> _What you will do_: What lines in the material hold the string "modulo"? Copy out each of them.

> _Provided data_:
__________

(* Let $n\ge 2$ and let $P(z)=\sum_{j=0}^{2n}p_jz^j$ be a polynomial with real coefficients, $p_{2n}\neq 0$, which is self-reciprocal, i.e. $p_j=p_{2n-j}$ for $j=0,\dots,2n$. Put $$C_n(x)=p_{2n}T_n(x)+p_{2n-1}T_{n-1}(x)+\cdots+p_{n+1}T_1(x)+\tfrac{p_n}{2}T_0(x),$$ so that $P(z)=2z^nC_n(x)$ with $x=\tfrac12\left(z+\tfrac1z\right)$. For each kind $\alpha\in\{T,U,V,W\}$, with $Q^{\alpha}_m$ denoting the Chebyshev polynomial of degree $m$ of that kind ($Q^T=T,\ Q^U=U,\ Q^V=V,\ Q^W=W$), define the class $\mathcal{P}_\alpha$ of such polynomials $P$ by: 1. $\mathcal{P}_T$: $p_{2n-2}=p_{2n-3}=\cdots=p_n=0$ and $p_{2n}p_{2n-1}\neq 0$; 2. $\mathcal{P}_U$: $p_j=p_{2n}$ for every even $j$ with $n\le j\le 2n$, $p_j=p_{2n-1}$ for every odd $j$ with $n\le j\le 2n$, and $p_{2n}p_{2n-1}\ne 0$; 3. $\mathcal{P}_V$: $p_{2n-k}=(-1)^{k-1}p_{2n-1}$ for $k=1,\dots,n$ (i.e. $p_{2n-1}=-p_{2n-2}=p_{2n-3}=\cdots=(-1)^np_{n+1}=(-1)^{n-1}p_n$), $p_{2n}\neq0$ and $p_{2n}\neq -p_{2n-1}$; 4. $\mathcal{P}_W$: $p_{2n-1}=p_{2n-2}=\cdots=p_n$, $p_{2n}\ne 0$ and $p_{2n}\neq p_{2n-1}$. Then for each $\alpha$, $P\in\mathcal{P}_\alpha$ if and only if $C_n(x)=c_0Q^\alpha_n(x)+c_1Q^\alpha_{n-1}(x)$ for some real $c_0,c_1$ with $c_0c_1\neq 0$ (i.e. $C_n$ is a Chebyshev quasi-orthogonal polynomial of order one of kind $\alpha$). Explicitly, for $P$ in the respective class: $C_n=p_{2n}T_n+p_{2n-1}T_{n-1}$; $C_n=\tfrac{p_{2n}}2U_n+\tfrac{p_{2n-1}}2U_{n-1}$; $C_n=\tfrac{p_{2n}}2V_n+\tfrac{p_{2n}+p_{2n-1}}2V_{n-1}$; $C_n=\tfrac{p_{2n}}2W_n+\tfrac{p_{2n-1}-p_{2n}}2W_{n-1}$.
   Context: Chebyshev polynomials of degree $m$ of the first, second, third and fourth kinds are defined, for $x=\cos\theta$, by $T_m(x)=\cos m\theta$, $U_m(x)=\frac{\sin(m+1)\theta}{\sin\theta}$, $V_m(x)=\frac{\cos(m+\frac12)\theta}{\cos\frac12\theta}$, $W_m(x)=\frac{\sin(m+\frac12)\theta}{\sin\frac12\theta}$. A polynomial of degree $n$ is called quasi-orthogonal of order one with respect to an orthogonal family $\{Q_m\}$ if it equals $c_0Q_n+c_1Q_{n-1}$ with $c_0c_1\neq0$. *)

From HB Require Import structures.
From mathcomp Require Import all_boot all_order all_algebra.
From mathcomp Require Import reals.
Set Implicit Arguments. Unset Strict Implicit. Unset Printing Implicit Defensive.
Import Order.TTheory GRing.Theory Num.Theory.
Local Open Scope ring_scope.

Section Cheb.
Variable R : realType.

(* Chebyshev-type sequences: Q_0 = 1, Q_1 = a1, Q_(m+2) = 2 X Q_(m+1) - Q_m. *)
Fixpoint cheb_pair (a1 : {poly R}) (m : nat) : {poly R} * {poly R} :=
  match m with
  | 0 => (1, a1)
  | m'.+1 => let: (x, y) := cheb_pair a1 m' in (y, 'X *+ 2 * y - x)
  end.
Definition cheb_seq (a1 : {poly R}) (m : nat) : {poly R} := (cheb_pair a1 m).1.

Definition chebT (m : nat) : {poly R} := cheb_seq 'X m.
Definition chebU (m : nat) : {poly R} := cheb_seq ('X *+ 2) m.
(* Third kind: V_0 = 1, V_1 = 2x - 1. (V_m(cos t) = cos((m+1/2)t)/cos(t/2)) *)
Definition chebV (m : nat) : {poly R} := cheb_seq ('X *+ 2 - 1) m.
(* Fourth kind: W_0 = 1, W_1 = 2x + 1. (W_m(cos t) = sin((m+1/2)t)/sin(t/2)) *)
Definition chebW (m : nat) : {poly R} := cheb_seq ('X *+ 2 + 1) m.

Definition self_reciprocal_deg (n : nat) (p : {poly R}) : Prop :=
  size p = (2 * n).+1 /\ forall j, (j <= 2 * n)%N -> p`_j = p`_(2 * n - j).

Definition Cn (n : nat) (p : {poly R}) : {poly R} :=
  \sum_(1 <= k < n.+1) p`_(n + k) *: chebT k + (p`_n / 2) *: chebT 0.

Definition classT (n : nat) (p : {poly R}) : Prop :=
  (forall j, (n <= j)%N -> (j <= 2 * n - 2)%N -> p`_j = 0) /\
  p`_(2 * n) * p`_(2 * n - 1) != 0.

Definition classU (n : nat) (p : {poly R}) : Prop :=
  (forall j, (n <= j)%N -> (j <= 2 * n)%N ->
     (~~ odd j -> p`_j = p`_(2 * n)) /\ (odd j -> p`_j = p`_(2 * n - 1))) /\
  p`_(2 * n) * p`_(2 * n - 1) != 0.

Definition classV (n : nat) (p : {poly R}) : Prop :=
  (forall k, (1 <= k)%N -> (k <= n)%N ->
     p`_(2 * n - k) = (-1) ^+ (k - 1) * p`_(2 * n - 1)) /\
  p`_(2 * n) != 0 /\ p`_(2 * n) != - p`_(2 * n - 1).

__________

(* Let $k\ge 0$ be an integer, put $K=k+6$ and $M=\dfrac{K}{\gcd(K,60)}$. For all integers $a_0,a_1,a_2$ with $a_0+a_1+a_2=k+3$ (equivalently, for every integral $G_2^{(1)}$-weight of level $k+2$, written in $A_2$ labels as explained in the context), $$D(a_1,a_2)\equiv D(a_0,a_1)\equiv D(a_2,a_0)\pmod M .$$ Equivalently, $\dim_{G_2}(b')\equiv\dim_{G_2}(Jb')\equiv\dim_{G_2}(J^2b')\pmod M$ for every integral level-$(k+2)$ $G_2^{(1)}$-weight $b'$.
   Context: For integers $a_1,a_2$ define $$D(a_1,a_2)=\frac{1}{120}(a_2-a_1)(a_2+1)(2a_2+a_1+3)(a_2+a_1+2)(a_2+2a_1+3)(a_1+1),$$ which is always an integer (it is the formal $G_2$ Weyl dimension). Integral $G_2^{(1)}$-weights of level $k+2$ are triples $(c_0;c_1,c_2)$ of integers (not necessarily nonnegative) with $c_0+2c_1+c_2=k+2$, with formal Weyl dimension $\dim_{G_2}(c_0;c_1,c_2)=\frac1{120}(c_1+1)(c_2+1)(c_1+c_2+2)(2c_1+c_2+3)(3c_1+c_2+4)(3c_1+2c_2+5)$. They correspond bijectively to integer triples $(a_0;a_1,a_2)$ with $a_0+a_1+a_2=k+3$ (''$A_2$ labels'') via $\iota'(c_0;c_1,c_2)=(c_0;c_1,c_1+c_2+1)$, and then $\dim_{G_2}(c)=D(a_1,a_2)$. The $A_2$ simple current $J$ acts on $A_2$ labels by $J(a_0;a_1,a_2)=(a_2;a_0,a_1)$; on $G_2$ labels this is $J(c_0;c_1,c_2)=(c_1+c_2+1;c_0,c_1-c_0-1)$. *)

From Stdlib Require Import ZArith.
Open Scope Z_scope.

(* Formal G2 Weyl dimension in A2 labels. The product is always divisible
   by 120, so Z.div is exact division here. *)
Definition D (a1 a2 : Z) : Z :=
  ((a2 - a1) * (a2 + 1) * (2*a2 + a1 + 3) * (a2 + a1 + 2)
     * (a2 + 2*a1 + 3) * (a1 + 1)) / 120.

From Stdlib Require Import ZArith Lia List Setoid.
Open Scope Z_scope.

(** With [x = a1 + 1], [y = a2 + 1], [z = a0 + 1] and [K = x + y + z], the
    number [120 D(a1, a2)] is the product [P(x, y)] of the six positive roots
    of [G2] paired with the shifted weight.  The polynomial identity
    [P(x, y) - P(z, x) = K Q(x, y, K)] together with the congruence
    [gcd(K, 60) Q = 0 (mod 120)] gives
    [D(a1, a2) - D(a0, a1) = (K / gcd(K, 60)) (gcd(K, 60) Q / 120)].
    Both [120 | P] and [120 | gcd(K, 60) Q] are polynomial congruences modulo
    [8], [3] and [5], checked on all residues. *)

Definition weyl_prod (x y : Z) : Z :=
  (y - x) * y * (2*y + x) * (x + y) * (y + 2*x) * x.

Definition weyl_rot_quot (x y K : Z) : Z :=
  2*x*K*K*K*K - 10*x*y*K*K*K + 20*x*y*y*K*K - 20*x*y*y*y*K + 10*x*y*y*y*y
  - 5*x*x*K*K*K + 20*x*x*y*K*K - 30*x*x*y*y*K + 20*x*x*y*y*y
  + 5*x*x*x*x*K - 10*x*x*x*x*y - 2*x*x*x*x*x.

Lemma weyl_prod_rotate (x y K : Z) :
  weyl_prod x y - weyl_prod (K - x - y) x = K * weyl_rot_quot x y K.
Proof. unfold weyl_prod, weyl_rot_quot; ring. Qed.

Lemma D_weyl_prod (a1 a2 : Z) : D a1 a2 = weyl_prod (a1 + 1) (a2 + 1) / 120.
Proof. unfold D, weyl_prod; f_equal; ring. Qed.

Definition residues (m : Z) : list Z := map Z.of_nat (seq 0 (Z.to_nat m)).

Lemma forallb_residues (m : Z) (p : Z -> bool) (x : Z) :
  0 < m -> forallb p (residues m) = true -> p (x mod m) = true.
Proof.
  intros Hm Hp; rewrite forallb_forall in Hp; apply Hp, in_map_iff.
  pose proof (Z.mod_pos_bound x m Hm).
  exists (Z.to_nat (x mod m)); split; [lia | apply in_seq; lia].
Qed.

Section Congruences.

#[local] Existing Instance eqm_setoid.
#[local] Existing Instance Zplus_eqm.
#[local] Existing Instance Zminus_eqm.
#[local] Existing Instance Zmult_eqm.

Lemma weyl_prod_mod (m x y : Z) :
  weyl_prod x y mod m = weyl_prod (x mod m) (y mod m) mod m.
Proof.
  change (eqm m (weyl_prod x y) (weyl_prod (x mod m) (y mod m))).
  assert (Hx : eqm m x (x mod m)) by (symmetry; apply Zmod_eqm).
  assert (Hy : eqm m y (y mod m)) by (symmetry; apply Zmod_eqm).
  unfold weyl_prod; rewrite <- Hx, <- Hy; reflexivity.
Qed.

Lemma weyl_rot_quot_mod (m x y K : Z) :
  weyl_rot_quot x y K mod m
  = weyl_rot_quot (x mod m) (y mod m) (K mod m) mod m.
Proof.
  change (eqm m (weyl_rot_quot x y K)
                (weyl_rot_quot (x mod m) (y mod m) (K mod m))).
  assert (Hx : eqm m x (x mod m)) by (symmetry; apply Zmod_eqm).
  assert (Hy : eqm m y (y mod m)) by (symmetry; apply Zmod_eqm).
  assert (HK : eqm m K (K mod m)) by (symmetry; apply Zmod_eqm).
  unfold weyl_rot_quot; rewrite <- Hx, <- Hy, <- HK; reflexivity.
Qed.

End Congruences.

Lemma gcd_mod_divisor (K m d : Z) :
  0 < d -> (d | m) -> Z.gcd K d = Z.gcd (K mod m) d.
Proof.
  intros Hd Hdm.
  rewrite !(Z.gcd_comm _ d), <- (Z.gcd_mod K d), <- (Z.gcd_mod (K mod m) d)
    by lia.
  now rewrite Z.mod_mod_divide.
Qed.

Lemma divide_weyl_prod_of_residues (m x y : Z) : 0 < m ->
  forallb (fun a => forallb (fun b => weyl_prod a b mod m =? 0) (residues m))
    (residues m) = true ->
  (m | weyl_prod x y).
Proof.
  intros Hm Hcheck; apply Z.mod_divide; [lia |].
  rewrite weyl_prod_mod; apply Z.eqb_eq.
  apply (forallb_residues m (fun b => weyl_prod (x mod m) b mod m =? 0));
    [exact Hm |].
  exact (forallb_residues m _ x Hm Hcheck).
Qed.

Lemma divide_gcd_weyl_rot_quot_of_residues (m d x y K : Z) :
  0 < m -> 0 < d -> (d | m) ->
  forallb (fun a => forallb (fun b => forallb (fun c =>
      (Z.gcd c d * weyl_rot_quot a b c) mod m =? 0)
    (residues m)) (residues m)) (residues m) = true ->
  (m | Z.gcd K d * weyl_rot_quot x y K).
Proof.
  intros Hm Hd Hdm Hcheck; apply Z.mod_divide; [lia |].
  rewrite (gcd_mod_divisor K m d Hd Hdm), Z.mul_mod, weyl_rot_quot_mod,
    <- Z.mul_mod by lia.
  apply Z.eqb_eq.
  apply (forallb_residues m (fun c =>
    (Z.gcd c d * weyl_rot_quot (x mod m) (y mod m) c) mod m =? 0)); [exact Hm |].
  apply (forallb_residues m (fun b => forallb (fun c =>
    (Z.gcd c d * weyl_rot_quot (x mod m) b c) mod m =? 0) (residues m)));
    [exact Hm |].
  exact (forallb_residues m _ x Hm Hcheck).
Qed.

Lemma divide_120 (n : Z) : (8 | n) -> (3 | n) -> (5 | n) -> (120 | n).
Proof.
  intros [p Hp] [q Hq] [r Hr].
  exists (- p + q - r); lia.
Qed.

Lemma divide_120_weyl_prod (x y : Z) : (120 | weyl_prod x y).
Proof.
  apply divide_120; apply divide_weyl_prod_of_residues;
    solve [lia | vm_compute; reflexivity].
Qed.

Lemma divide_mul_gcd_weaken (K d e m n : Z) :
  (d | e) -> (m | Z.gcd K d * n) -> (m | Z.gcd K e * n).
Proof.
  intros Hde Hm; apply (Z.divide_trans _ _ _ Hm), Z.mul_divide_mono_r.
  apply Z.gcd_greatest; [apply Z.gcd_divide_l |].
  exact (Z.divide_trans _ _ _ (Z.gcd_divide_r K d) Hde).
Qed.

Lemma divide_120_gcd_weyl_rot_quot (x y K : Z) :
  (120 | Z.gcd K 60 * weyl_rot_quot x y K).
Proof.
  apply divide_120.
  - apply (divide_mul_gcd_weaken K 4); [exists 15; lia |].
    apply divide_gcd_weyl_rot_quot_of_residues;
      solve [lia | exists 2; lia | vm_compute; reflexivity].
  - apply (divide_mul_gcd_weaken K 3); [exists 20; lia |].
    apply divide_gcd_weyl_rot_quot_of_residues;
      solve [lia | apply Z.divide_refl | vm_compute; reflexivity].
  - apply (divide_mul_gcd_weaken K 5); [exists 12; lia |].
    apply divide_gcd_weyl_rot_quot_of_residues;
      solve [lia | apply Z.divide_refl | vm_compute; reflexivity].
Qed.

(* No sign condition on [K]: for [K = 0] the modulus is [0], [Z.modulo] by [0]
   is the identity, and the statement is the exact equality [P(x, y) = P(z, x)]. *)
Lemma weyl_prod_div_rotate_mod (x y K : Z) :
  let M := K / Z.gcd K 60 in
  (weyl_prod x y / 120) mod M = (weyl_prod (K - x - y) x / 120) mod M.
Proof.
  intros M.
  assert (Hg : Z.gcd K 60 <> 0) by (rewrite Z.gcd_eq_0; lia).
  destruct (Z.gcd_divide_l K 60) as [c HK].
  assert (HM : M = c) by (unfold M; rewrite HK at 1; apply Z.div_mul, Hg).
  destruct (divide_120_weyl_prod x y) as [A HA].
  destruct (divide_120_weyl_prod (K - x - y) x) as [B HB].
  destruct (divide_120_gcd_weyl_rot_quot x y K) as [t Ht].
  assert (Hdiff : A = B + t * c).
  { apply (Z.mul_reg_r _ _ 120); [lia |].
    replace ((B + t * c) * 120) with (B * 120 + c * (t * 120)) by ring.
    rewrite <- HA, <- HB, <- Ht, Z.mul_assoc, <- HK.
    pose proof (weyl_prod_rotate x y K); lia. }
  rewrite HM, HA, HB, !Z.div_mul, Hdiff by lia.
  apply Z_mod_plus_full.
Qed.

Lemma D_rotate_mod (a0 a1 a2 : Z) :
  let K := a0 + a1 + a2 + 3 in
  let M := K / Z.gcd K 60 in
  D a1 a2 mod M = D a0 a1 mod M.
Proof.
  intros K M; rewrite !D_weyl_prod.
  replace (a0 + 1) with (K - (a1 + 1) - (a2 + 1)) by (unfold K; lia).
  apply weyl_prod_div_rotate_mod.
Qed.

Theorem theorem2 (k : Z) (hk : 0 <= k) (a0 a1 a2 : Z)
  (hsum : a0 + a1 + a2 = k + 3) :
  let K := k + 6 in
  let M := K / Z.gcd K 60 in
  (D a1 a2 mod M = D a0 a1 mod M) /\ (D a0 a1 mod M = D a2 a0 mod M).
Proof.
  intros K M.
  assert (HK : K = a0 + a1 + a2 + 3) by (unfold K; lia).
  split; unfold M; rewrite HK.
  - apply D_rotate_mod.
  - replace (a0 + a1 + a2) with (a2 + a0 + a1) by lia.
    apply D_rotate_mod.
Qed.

__________

> _Answer for this exercise_:
    Both [120 | P] and [120 | gcd(K, 60) Q] are polynomial congruences modulo
(* No sign condition on [K]: for [K = 0] the modulus is [0], [Z.modulo] by [0]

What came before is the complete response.